We are God in our perceptions. No one can perceive God, but when we perceive the particular, we perceive as God. An egotistical perception sees a general reality, but a divine perception sees a particular reality. Blake calls the perception of a general reality experience, and the perception of a particular reality innocence.
What is true of perception is true of creation–when we create, we create as God. Frye writes, “all creators are contained in the Creator.” For Blake, worshipping God means honouring the creativity of human beings, and honouring most those with the most developed imaginations. The more people suppress their imaginations, the more they turn their backs on God, that is, their own divinity. But turning our backs on our divinity also means turning our backs on our humanity–it is what is great in us that makes us human, not what is small. God is the species, and humans are individuals of that species. God is the essence, and we are the identities arising from that essence. God is the body, and we are the limbs.

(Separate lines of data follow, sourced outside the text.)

Lemma ge0_of_dominated (R : realType) (r k : R) (q m : nat -> R) :
  0 <= k -> (forall e, 0 < e -> exists n, m n < e) ->
  (forall n, q n <= r) -> (forall n, q n ^+ 2 <= k * m n) -> 0 <= r.
Proof.
move=> k0 m_small q_le q_sqr; rewrite leNgt; apply/negP => r_lt0.
have rr_gt0 : 0 < r ^+ 2 by rewrite expr2; nra.
have [n mn_lt] := m_small (r ^+ 2 / (k + 1)) (divr_gt0 rr_gt0 (ltr_wpDl k0 ltr01)).
rewrite ltr_pdivlMr in mn_lt; last lra.
have rr_le : r ^+ 2 <= q n ^+ 2.
  have qn_le := q_le n.
  by rewrite -[r ^+ 2]sqrrN -[q n ^+ 2]sqrrN lerXn2r ?nnegrE ?lerN2 //; lra.
have km_lt : k * m n < r ^+ 2.
  have [mn_le0|mn_gt0] := leP (m n) 0.
    by rewrite (le_lt_trans _ rr_gt0) ?mulr_ge0_le0.
  by apply: le_lt_trans mn_lt; rewrite mulrC ler_pM2l // lerDl.
have := q_sqr n; lra.
Qed.

(* Indeed 2 w + p <= 3 ||T^2|| + ||T||^2 and ||T^2|| <= ||T^2||^(1/2) ||T||. *)
Lemma sqrt_2w_add_p_le (R : realType) (w p t t2 : R) :
  0 <= t -> 0 <= t2 -> t2 <= t ^+ 2 -> w <= t2 -> p <= t ^+ 2 + t2 ->
  Num.sqrt (2 * w + p) <= Num.sqrt t2 + t.
Proof.
move=> t0 t20 t2_le w_le p_le.
set u := Num.sqrt t2; have u0 : 0 <= u := sqrtr_ge0 t2.
have uu : u ^+ 2 = t2 by rewrite sqr_sqrtr.
have u_le : u <= t by rewrite -(ger0_norm t0) -sqrtr_sqr ler_wsqrtr.
rewrite -(ger0_norm (addr_ge0 u0 t0)) -sqrtr_sqr ler_wsqrtr //.
have : 0 <= u * (t - u) by apply: mulr_ge0; lra.
rewrite -uu !expr2 in t2_le w_le p_le *; nra.
Qed.

Section ComplexFacts.
Variable R : realType.
Local Notation C := R[i].
Local Notation Re := (@complex.Re R).
Local Notation Im := (@complex.Im R).

Definition sqmod (z : C) : R := Re z ^+ 2 + Im z ^+ 2.

Lemma sqmod_ge0 z : 0 <= sqmod z.
Proof. by apply: addr_ge0; apply: sqr_ge0. Qed.

Lemma sqmod_real (r : R) : sqmod r%:C = r ^+ 2.
Proof. by rewrite /sqmod /= expr0n addr0. Qed.

Lemma Re_sqr_le_sqmod z : Re z ^+ 2 <= sqmod z.
Proof. by rewrite lerDl sqr_ge0. Qed.

Lemma mulcJ_sqmod (z : C) : z * z^* = (sqmod z)%:C.
Proof.
by case: z => a b; rewrite /sqmod /=; simpc; rewrite !expr2; congr (_ +i* _); ring.
Qed.

Lemma conj_real (r : R) : r%:C^* = r%:C.
Proof. by apply/eqP; rewrite eq_complex /= oppr0 !eqxx. Qed.

Lemma ReD (z w : C) : Re (z + w) = Re z + Re w. Proof. by case: z; case: w. Qed.
Lemma ReN (z : C) : Re (- z) = - Re z. Proof. by case: z. Qed.
Lemma ReB (z w : C) : Re (z - w) = Re z - Re w. Proof. by rewrite ReD ReN. Qed.
Lemma ReJ (z : C) : Re z^* = Re z. Proof. by case: z. Qed.
Lemma Re_realM (r : R) (z : C) : Re (r%:C * z) = r * Re z.
Proof. by case: z => a b /=; simpc. Qed.

Lemma ge0_real (z : C) : 0 <= z -> z = (Re z)%:C.
Proof. by case: z => a b; rewrite lecE /= => /andP[/eqP -> _]. Qed.

Lemma ge0_Re (z : C) : 0 <= z -> 0 <= Re z.
Proof. by case: z => a b; rewrite lecE /= => /andP[]. Qed.

Lemma cmodE (z : C) : cmod z = Num.sqrt (sqmod z). Proof. by []. Qed.

Lemma Re_le_cmod (z : C) : Re z <= cmod z.
Proof.
rewrite cmodE; apply: le_trans (real_ler_norm (num_real _)) _.
by rewrite -sqrtr_sqr ler_wsqrtr // Re_sqr_le_sqmod.
Qed.

End ComplexFacts.


Section Sesquilinear.
Variable R : realType.
Local Notation C := R[i].
Variable V : lmodType C.
Variable g : V -> V -> C.
Hypothesis gDl : forall a x y z, g (a *: x + y) z = a * g x z + g y z.
Hypothesis gDr : forall a x y z, g z (a *: x + y) = a^* * g z x + g z y.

2. Against God as a designer
It’s wrong to look to Blake for an informed opinion of all things. There are some things that Blake was simply not interested in. He was not interested in mathematics, for instance, and though he may seem to disparage it, a sympathetic reader will realize that Blake is really attacking superstitious uses of mathematics. These include occult math, that is, numerology, and the kind of scientific reductionism that sees reality as merely an abstract mathematical design rather than the concrete mental creation that it is.
In some of Blake’s poems, Blake uses numbers and diagrams, but these are part of the imaginative unity of the poems and do not indicate “any affinity with mathematical mysticism.”
Blake could not bring himself to believe in a God that is a designer rather than a creator.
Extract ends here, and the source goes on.